▸ Your goal
Using the records below, output the stretch that opens with the line containing "by rewrite /piece ltnNge r_a mul0r." and closes with the line containing "rewrite /Rab big_mkcondl;", exactly and including both lines, with nothing more.

▸ Information shown
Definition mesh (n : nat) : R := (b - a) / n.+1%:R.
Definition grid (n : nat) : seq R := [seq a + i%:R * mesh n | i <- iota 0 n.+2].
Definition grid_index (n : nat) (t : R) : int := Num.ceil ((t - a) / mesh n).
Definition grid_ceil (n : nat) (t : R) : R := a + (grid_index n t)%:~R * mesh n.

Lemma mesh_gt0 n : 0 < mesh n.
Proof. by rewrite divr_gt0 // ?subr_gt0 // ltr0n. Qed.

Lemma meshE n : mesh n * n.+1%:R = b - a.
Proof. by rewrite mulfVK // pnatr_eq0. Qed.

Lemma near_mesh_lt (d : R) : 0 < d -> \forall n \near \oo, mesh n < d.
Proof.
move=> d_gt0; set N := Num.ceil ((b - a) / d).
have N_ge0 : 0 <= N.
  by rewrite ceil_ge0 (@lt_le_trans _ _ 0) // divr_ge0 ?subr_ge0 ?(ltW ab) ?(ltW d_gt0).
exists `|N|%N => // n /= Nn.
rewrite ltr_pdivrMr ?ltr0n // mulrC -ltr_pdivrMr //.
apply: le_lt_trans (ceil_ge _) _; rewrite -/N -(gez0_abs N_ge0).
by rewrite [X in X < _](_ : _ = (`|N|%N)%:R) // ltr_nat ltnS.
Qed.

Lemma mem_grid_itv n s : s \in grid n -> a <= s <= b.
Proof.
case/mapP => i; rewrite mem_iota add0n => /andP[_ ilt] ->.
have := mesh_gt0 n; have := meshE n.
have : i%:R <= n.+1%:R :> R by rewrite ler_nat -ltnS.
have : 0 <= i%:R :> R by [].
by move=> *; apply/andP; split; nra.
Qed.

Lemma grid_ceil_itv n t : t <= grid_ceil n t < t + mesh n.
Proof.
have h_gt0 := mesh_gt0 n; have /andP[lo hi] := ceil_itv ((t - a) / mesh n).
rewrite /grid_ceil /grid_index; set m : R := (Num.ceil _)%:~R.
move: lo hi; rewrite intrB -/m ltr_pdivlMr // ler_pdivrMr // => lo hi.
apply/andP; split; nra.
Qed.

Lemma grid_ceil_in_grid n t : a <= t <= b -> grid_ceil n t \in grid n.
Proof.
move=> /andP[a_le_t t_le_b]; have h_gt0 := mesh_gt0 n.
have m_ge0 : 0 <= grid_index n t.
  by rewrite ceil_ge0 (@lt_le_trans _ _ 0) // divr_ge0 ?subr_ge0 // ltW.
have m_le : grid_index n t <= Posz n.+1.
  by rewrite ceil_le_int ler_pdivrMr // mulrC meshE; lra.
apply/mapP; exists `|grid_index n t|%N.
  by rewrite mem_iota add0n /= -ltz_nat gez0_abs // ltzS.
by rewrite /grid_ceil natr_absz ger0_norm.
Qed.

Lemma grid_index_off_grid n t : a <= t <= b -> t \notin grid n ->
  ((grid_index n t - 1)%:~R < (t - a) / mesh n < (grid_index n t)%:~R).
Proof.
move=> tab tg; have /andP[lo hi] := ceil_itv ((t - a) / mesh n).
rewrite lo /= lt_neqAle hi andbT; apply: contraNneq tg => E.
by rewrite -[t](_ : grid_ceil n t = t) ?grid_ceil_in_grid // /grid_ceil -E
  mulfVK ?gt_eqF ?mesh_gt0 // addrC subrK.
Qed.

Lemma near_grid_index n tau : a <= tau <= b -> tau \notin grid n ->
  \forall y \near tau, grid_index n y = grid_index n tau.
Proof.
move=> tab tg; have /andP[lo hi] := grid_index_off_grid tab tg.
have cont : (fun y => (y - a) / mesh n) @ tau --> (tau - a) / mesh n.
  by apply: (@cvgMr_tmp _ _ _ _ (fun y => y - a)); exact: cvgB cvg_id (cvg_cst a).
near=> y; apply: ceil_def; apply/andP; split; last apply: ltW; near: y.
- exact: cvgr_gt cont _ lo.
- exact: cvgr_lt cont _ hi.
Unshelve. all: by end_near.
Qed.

---

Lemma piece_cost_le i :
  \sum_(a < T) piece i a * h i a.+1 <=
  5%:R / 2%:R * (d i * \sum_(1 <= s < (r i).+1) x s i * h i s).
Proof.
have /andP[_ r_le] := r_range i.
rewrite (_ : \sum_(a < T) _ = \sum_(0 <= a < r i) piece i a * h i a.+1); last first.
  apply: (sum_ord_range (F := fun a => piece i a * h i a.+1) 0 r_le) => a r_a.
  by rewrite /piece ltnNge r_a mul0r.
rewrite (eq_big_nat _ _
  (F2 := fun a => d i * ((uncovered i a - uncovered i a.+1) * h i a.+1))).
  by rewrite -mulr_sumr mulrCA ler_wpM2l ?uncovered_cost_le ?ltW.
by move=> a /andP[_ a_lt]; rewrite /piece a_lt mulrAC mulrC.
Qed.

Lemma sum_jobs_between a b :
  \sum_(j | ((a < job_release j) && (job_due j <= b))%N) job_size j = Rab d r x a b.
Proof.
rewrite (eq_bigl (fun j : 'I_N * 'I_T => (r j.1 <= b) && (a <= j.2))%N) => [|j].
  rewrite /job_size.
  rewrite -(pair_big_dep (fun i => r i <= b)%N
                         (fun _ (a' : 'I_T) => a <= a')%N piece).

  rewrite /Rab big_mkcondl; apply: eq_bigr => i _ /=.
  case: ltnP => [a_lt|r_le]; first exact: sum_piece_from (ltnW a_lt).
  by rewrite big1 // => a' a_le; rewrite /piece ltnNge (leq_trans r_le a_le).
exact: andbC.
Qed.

▸ Your response
  by rewrite /piece ltnNge r_a mul0r.
rewrite (eq_big_nat _ _
  (F2 := fun a => d i * ((uncovered i a - uncovered i a.+1) * h i a.+1))).
  by rewrite -mulr_sumr mulrCA ler_wpM2l ?uncovered_cost_le ?ltW.
by move=> a /andP[_ a_lt]; rewrite /piece a_lt mulrAC mulrC.
Qed.

Lemma sum_jobs_between a b :
  \sum_(j | ((a < job_release j) && (job_due j <= b))%N) job_size j = Rab d r x a b.
Proof.
rewrite (eq_bigl (fun j : 'I_N * 'I_T => (r j.1 <= b) && (a <= j.2))%N) => [|j].
  rewrite /job_size.
  rewrite -(pair_big_dep (fun i => r i <= b)%N
                         (fun _ (a' : 'I_T) => a <= a')%N piece).

  rewrite /Rab big_mkcondl; apply: eq_bigr => i _ /=.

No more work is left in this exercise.